Work to be completed: Your answer should consist of the lines below that hold the word "bool".

Stored data entries:

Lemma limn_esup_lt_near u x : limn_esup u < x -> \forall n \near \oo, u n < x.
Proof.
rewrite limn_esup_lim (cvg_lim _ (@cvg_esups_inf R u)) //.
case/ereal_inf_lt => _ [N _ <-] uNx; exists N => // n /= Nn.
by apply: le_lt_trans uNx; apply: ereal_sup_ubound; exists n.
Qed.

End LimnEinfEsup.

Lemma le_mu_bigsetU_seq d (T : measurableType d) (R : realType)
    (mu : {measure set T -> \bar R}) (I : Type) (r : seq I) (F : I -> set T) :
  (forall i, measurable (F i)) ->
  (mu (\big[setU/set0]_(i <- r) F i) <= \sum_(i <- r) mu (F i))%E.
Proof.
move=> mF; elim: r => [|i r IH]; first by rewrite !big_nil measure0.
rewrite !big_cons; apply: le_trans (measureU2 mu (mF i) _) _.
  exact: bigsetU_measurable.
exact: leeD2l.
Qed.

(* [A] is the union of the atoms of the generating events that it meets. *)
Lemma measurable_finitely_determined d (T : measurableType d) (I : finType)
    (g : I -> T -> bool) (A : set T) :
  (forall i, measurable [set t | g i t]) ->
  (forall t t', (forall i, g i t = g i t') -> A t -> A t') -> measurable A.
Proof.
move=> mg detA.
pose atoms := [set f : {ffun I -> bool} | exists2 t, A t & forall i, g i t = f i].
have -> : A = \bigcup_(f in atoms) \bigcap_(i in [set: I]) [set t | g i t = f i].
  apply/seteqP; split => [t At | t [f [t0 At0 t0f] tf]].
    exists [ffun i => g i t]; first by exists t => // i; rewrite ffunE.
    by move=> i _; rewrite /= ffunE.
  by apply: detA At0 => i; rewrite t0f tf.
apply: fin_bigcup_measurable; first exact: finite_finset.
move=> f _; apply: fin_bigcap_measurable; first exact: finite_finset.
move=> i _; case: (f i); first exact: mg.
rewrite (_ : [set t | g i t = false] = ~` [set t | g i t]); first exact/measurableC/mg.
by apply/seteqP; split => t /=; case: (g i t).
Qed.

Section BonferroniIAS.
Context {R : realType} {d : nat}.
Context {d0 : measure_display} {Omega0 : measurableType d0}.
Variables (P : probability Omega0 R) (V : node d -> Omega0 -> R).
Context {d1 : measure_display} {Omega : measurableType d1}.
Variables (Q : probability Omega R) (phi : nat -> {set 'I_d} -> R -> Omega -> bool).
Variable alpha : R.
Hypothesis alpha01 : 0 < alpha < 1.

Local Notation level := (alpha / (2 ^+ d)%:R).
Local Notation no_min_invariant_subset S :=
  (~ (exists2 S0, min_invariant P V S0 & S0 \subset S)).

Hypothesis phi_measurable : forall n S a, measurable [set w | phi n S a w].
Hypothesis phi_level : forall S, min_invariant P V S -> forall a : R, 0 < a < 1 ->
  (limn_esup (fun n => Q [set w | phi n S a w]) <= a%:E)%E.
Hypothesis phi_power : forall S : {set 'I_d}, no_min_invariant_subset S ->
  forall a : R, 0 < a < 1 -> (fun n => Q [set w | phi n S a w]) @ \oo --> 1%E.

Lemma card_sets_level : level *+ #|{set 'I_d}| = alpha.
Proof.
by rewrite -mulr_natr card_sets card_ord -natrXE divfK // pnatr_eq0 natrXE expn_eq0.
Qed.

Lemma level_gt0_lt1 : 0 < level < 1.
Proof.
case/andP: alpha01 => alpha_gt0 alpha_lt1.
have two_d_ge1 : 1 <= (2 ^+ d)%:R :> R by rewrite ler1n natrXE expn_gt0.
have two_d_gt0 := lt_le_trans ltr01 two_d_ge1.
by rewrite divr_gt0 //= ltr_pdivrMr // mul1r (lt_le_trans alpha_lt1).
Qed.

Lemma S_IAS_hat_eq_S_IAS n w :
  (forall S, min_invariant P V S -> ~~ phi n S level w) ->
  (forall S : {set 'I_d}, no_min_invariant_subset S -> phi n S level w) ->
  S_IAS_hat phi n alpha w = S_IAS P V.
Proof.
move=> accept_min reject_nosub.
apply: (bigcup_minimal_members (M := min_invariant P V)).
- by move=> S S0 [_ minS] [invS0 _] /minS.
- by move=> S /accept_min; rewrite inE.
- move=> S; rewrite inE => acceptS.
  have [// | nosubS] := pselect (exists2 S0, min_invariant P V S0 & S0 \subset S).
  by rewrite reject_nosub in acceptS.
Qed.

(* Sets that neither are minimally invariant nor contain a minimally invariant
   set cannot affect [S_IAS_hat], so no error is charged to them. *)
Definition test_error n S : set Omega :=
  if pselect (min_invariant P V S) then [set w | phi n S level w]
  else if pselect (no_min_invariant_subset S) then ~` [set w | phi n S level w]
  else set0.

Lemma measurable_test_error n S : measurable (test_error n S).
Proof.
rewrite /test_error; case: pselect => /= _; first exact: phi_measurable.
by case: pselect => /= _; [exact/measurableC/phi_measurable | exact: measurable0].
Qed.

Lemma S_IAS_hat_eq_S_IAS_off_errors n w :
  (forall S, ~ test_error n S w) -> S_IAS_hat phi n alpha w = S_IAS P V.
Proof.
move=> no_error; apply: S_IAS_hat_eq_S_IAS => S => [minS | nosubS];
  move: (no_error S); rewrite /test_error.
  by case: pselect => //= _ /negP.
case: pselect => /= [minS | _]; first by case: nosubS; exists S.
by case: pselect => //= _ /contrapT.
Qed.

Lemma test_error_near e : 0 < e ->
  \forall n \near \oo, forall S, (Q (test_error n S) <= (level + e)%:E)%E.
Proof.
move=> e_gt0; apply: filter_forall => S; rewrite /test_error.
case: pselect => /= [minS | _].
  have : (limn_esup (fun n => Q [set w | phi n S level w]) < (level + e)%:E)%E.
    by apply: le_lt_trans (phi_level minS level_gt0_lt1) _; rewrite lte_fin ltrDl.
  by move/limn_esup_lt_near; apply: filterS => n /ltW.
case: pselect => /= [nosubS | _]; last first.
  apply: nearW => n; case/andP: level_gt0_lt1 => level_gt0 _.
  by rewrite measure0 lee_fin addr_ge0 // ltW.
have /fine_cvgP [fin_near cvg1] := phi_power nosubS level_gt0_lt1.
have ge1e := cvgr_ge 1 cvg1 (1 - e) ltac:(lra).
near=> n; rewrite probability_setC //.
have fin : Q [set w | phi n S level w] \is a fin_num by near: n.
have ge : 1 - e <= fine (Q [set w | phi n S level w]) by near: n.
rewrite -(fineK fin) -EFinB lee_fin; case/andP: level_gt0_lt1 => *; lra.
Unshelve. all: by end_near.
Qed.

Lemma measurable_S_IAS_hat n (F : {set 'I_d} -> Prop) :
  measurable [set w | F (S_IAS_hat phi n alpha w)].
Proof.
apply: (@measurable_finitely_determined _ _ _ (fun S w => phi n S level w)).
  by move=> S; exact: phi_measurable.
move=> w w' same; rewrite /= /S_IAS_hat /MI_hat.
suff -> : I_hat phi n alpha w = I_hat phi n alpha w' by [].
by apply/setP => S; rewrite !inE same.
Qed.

==

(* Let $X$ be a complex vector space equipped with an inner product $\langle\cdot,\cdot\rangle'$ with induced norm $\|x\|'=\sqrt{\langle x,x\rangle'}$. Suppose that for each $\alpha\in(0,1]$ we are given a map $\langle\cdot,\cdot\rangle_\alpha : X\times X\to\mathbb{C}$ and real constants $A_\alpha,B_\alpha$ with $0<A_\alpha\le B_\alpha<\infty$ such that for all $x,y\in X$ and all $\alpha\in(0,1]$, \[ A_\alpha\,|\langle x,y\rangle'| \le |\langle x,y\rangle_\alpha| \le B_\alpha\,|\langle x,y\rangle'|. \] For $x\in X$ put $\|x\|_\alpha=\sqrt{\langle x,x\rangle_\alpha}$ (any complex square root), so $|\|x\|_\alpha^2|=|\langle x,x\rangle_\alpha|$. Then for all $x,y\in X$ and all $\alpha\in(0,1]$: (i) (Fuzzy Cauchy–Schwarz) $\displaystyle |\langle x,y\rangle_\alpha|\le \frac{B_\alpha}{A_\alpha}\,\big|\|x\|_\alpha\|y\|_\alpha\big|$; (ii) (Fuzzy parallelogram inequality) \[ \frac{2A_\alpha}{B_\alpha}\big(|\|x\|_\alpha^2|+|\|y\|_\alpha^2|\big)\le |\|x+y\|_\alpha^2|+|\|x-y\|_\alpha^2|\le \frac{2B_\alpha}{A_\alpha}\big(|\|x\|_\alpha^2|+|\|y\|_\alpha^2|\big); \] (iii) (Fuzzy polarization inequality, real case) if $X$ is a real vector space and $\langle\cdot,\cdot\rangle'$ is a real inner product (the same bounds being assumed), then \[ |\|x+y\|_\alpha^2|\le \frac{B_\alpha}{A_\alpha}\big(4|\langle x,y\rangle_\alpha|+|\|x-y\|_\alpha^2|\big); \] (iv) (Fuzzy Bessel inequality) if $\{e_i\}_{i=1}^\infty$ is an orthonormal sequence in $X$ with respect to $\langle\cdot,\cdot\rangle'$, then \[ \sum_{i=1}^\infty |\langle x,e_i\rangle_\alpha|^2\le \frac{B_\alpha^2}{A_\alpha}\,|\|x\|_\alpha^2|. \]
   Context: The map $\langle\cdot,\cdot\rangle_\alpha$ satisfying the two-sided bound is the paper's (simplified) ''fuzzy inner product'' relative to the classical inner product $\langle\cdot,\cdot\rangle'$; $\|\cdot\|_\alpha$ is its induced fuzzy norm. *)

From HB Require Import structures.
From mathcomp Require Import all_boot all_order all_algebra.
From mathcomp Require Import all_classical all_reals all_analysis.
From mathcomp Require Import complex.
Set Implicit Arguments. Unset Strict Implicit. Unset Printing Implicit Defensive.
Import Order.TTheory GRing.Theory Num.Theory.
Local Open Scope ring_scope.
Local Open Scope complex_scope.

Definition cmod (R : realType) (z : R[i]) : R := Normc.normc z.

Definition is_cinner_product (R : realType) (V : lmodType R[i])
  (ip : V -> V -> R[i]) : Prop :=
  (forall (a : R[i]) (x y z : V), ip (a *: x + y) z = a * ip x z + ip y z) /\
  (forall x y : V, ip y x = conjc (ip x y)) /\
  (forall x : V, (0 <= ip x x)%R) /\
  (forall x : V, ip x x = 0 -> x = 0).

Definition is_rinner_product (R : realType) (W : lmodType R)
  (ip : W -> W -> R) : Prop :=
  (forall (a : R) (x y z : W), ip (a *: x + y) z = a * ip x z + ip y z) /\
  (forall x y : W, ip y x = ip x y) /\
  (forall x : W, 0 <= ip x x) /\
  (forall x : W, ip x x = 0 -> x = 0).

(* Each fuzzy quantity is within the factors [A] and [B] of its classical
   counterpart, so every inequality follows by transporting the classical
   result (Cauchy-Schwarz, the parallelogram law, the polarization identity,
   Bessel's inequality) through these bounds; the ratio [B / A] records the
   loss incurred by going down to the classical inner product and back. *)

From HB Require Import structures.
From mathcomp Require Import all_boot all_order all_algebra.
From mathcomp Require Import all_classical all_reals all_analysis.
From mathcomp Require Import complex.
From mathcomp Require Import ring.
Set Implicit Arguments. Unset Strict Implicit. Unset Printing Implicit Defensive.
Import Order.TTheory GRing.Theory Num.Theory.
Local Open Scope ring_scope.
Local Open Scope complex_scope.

Completed exercise:
    (g : I -> T -> bool) (A : set T) :
pose atoms := [set f : {ffun I -> bool} | exists2 t, A t & forall i, g i t = f i].
Variables (Q : probability Omega R) (phi : nat -> {set 'I_d} -> R -> Omega -> bool).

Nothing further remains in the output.